Most of the films are set in California, especially Los Angeles, though some in San Francisco, and the final in Texas as well. In 1984's Terminator, the pollution was much, much worse than in Terminator 2: Judgment Day (1991). Of course post-apocalyptic California is a bit worse in other ways. The general urban landscape remains similar.
The maturation of Arnold Schwarzenegger as an actor, and the Terminator as a character is notable. From a killing machine in 1, by 2 he is a protector, and in 6 is an up-standing, humane member of his community. The other Skynet creations = increasingly sophisticated killers.
I Probably should also comment on the evolution of Sarah Connor herself. She goes from "Damsel in Distress" at the outset of Terminator 1, to being an action hero lead by the second movie and thereafter.
The evolution of technology is also notable. In Terminator, Skynet is envisioned as a mainframe, but in the later films, it is a distributed network (5), Genisys (a new global OS like Siri or Alexa) and Legion (in response to the human's attempting to nuke the mainframe) (6)

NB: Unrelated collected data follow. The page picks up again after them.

Hypotheses (kb : (k <= b)%N) (bm : (b <= m)%N).
Hypotheses (WW : W^T *m W = 1%:M) (XX : X^T *m X = 1%:M).
Hypothesis T_diag : forall (v : 'cV[R]_m) (r : 'I_b), (T *m v) r 0 = g r * mxentry v r 0.
Hypothesis range_WTPsi : (1%:M - X *m X^T) *m (W *m T *m Psi) = 0.
Hypothesis Psi1Y : (headsel m)^T *m Psi *m Y = 1%:M.
Hypothesis Psi2Y : forall y : 'cV[R]_k,
  sqnorm (tailsel^T *m Psi *m Y *m y) <= c ^+ 2 * sqnorm y.
Hypothesis g_nonincr : forall r r', (r <= r')%N -> g r' <= g r.
Hypothesis g_ge0 : forall r, 0 <= g r.

(* [W T u] lies in [range X] for [u = Psi Y y], so subtracting [alpha W T u] from
   [W x] does not change its projection; [y] is chosen so that [T u] reproduces the
   head coordinates of [x]. *)
Lemma proj_head_sqnorm_le (i : 'I_k) (x : 'cV[R]_k) :
  0 < g i -> (forall j : 'I_k, (i < j)%N -> x j 0 = 0) ->
  sqnorm ((1%:M - X *m X^T) *m (W *m headsel b) *m x)
    <= (g k / g i * c) ^+ 2 / (1 + (g k / g i * c) ^+ 2) * sqnorm x.
Proof.
move=> gi0 xhead; set alpha := (1 + (g k / g i * c) ^+ 2)^-1.
set y : 'cV[R]_k := \col_j (x j 0 / g j); set u := Psi *m Y *m y.
have WTu0 : (1%:M - X *m X^T) *m (W *m T *m u) = 0.
  by rewrite /u !mulmxA -(mulmxA _ W) -(mulmxA _ (W *m T)) range_WTPsi !mul0mx.
have -> : (1%:M - X *m X^T) *m (W *m headsel b) *m x
    = (1%:M - X *m X^T) *m (W *m (headsel b *m x - alpha *: (T *m u))).
  rewrite mulmxBr mulmxBr -!scalemxAr (mulmxA W T u) WTu0 scaler0 subr0.
  by rewrite !mulmxA.
apply: le_trans (sqnorm_proj_le _ XX) _; rewrite sqnorm_isometry // !sqnorm_big_nat.
have residE r : (r < b)%N ->
    mxentry (headsel b *m x - alpha *: (T *m u)) r 0
    = mxentry x r 0 - alpha * (g r * mxentry u r 0).
  move=> rb; rewrite (mxentryE _ (Ordinal rb) ord0).
  by move: (colsel_id_mulE x (Ordinal rb)) (T_diag u (Ordinal rb)); rewrite !mxE => -> ->.
rewrite (eq_big_nat _ _ (fun r rb => congr1 (fun z => z ^+ 2) (residE r (andP rb).2))).
have yE : (headsel m)^T *m u = y by rewrite /u !mulmxA Psi1Y mul1mx.
apply: (resid_sum_le (m := m)) => //.
- move=> r ir; rewrite mxentry_col /at_nat; case: insubP => // j _ jr.
  by rewrite xhead // jr.
- move=> r rk; have := tr_colsel_mulE (fun j : 'I_k => (j : nat)) u (Ordinal rk).
  by rewrite yE !mxE => <-; rewrite (mxentryE x (Ordinal rk) ord0).
rewrite -sqnorm_tr_colsel_head -sqnorm_tr_colsel_tail yE /u !mulmxA.
exact: Psi2Y.
Qed.

Lemma principal_sine_le (i : 'I_k) (s : 'I_k -> R) :
  0 < g i -> 0 <= c -> principal_sines X (lcols W k) s -> s i <= angle_bound (g k / g i) c.
Proof.
move=> gi0 c0 [sinc ssv]; have s0 : 0 <= s i by case: ssv => [? [? [_ _ + _]]].
rewrite /angle_bound -exprMn; apply: le_div_sqrt1D => //.
  by rewrite mulr_ge0 // divr_ge0 // ltW.
apply: (svals_sqr_le kb sinc ssv) => x xhead.
by rewrite lcols_colsel; apply: proj_head_sqnorm_le.
Qed.

End PrincipalSineBound.

Unset Implicit Arguments. Set Strict Implicit.

Theorem theorem2 (R : realType) (m n k p q : nat)
  (A : 'M[R]_(m, n)) (U : 'M[R]_m) (V : 'M[R]_n) (sigma : 'I_n -> R)
  (Phi : 'M[R]_(m, k + p)) (Pbar : 'M[R]_(n, k + p))
  (Q : 'M[R]_(m, k + p)) (Rm : 'M[R]_(k + p))
  (Pt : 'M[R]_(k + p)) (Rt : 'M[R]_(k + p))
  (theta phi : 'I_k -> R) :
  (n <= m)%N -> (1 <= k)%N -> (1 <= p)%N -> (k + p < n)%N ->
  (* full SVD of A *)
  U^T *m U = 1%:M -> V^T *m V = 1%:M ->
  (forall j, 0 <= sigma j) ->
  (forall i j : 'I_n, (i <= j)%N -> sigma j <= sigma i) ->
  A = U *m rdiag m sigma *m V^T ->
  0 < at_nat sigma k.-1 ->
  (* RU-QLP *)
  orthonormal_cols Pbar ->
  same_range Pbar ((A^T *m A) ^+ q *m A^T *m Phi) ->
  \rank ((A^T *m A) ^+ q *m A^T *m Phi) = (k + p)%N ->
  orthonormal_cols Q -> upper_triangular Rm -> A *m Pbar = Q *m Rm ->
  orthonormal_cols Pt -> upper_triangular Rt -> Rm^T = Pt *m Rt ->
  let P := Pbar *m Pt in
  let Phi1 := (lcols U k)^T *m Phi in
  let Phi2 := (rcols U k)^T *m Phi in
  \rank Phi1 = k ->
  principal_sines Q (lcols U k) theta ->
  principal_sines P (lcols V k) phi ->
  let c := norm2 (Phi2 *m mpinv Phi1) in
  forall i : 'I_k,
    let delta := at_nat sigma k / at_nat sigma i in
    theta i <= angle_bound (delta ^+ (2 * q + 2)) c /\
    phi i <= angle_bound (delta ^+ (2 * q + 1)) c.
Proof.
move=> nm k1 _ kpn UU VV s0 sdec AE sk1 Pbar_on sampled _ Q_on _ APQR Pt_on _ _
  P Phi1 Phi2 rank1 th ph c i delta.
have kn : (k <= n)%N := leq_trans (leq_addr p k) (ltnW kpn).
set S := rdiag m sigma; set Psi := U^T *m Phi.
have [D ND] := same_range_factor sampled.
have NE : (A^T *m A) ^+ q *m A^T *m Phi = V *m powtr S q *m Psi.
  by rewrite -[_ *m A^T]/(powtr A q) AE powtr_svd // /Psi !mulmxA.
have rangeV : (1%:M - P *m P^T) *m (V *m powtr S q *m Psi) = 0.
  by rewrite -NE ND orthomx_mul_tr ?compl_proj_mul0.
have rangeU : (1%:M - Q *m Q^T) *m (U *m (S *m powtr S q) *m Psi) = 0.
  have <- : A *m (V *m powtr S q *m Psi) = U *m (S *m powtr S q) *m Psi.
    by rewrite AE -!mulmxA (mulmxA V^T) VV mul1mx !mulmxA.
  by rewrite -NE ND mulmxA APQR -mulmxA compl_proj_mul0.
have Psi1Y : (colsel R m (fun j : 'I_k => (j : nat)))^T *m Psi *m mpinv Phi1 = 1%:M.
  by rewrite /Psi mulmxA -trmx_mul -lcols_colsel mpinv_right.
have Psi2Y y : sqnorm ((colsel R m (fun j : 'I_(m - k) => (k + j)%N))^T *m Psi
                       *m mpinv Phi1 *m y) <= c ^+ 2 * sqnorm y.
  by rewrite /Psi mulmxA -trmx_mul -rcols_colsel sqnorm_mul_le_norm2.
have c0 : 0 <= c by apply: norm2_ge0.
have si0 : 0 < at_nat sigma i.
  by apply: lt_le_trans sk1 (at_nat_nonincr s0 sdec _); rewrite -ltnS prednK.
have sigma_ge0 e r : 0 <= at_nat sigma r ^+ e by rewrite exprn_ge0 ?at_nat_ge0.
rewrite /delta !expr_div_n; split.
- apply: (principal_sine_le (leq_trans kn nm) (leqnn m) UU Q_on _ rangeU Psi1Y Psi2Y
          (at_nat_exp_nonincr _ s0 sdec) (sigma_ge0 _) (exprn_gt0 _ si0) c0 th).
  by move=> v r; rewrite /S rdiag_powtr_mulE.
- apply: (principal_sine_le kn nm VV (orthonormal_cols_mul Pbar_on Pt_on) _ rangeV Psi1Y
          Psi2Y (at_nat_exp_nonincr _ s0 sdec) (sigma_ge0 _) (exprn_gt0 _ si0) c0 ph).
  by move=> v r; rewrite /S powtr_rdiag_mulE.
Qed.
Lemma Qsum0 n : Qsum 0 n = prefix_prod 1 n.
Proof.
rewrite /Qsum (big_pred1 [ffun i : 'I_0 => false]); last first.
  by move=> e /=; symmetry; apply/eqP/ffunP => -[].
rewrite (eq_card0 (A := [set i | _])) => [|[]//].
rewrite mul1r; apply: eq_big_nat => j hj; congr (bsum b _ j)^-1.
apply: Lidx_eq => //; first lia.
by move=> [|[|i]] //= _; case: insubP => // [[]].
Qed.

Variable N : nat.
Hypothesis bsum_neq0 : forall p q, (1 <= p)%N -> (p <= q <= N)%N -> bsum b p q != 0.

Lemma suffix_prefix_prod_peel d p r : (1 <= p)%N -> (p + d <= N)%N ->
  (p <= r.+1 <= (p + d).+1)%N ->
  suffix_prod p r * prefix_prod r.+1 (p + d)%N = peel d r p + peel d r.+1 p.
Proof.
elim: d p r => [|d IH] p r hp hN hr.
  by apply: suffix_prefix_prod_peel_edge; lia.
have [|interior] := boolP ((r.+1 == p) || (r == (p + d.+1)%N)).
  exact: suffix_prefix_prod_peel_edge.
have IHl := IH p.+1 r ltac:(lia) ltac:(lia) ltac:(lia).
have IHr := IH p r hp ltac:(lia) ltac:(lia).
rewrite addSnnS in IHl; rewrite /= -mulrDr addrACA -IHl -IHr !addnS.
set A := bsum b p r; set B := bsum b r.+1 (p + d).+1.
have hA : A != 0 by apply: bsum_neq0; lia.
have hB : B != 0 by apply: bsum_neq0; lia.
have hAB : bsum b p (p + d).+1 = A + B by apply: bsum_split; lia.
have hAB0 : A + B != 0 by rewrite -hAB; apply: bsum_neq0; lia.
rewrite hAB /suffix_prod big_ltn; last lia.
rewrite -/A /prefix_prod (big_nat_recr (p + d).+1) /=; last lia.
rewrite -/B; field.
by rewrite hA hB hAB0.
Qed.

Lemma Qsum_peel k n : (k < n <= N)%N -> Qsum k n = (-1) ^+ k * peel n.-1 k.+1 1.
Proof.
elim: k n => [|k IH] n hn.
  by rewrite Qsum0 expr0 mul1r -prefix_prod_peel add1n prednK //; lia.
rewrite QsumS; last lia.
rewrite !IH; try lia.
have shuffle : suffix_prod 1 k.+1 * prefix_prod k.+2 n =
               peel n.-1 k.+1 1 + peel n.-1 k.+2 1.
  have := suffix_prefix_prod_peel (d := n.-1) (p := 1) (r := k.+1) isT.
  by rewrite add1n prednK; [apply; lia | lia].
have := suffix_prod_peel k 1; rewrite add1n => <-.
by rewrite -mulrA shuffle exprS; ring.
Qed.
End Peeling.

Section RegularFractions.
Variables (R : idomainType) (n : nat) (v : 'I_n -> R).

Definition regular_at (z : {fraction {mpoly R[n]}}) :=
  exists f g : {mpoly R[n]}, meval v g != 0 /\ z = f%:F / g%:F.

It would be nice to see a recut of the whole series reducing the nonsense, as has been done with the SW Prequels and the Hobbit.
Ranking
If you can watch only one, watch the first one. My rankings are below:
Terminator Series Ranked 1>2>6>3>5>4
Where:
The Terminator (1984)
Terminator 2 Judgment Day (1991)
Terminator 3 Rise of The Machines (2003)
Terminator Salvation (2009)
Terminator Genisys (2015)
Terminator Dark Fate (2019)
I'll be back
To be clear, I did not watch the TV series, The Sarah Connor Chronicles, though I have been advised it is good.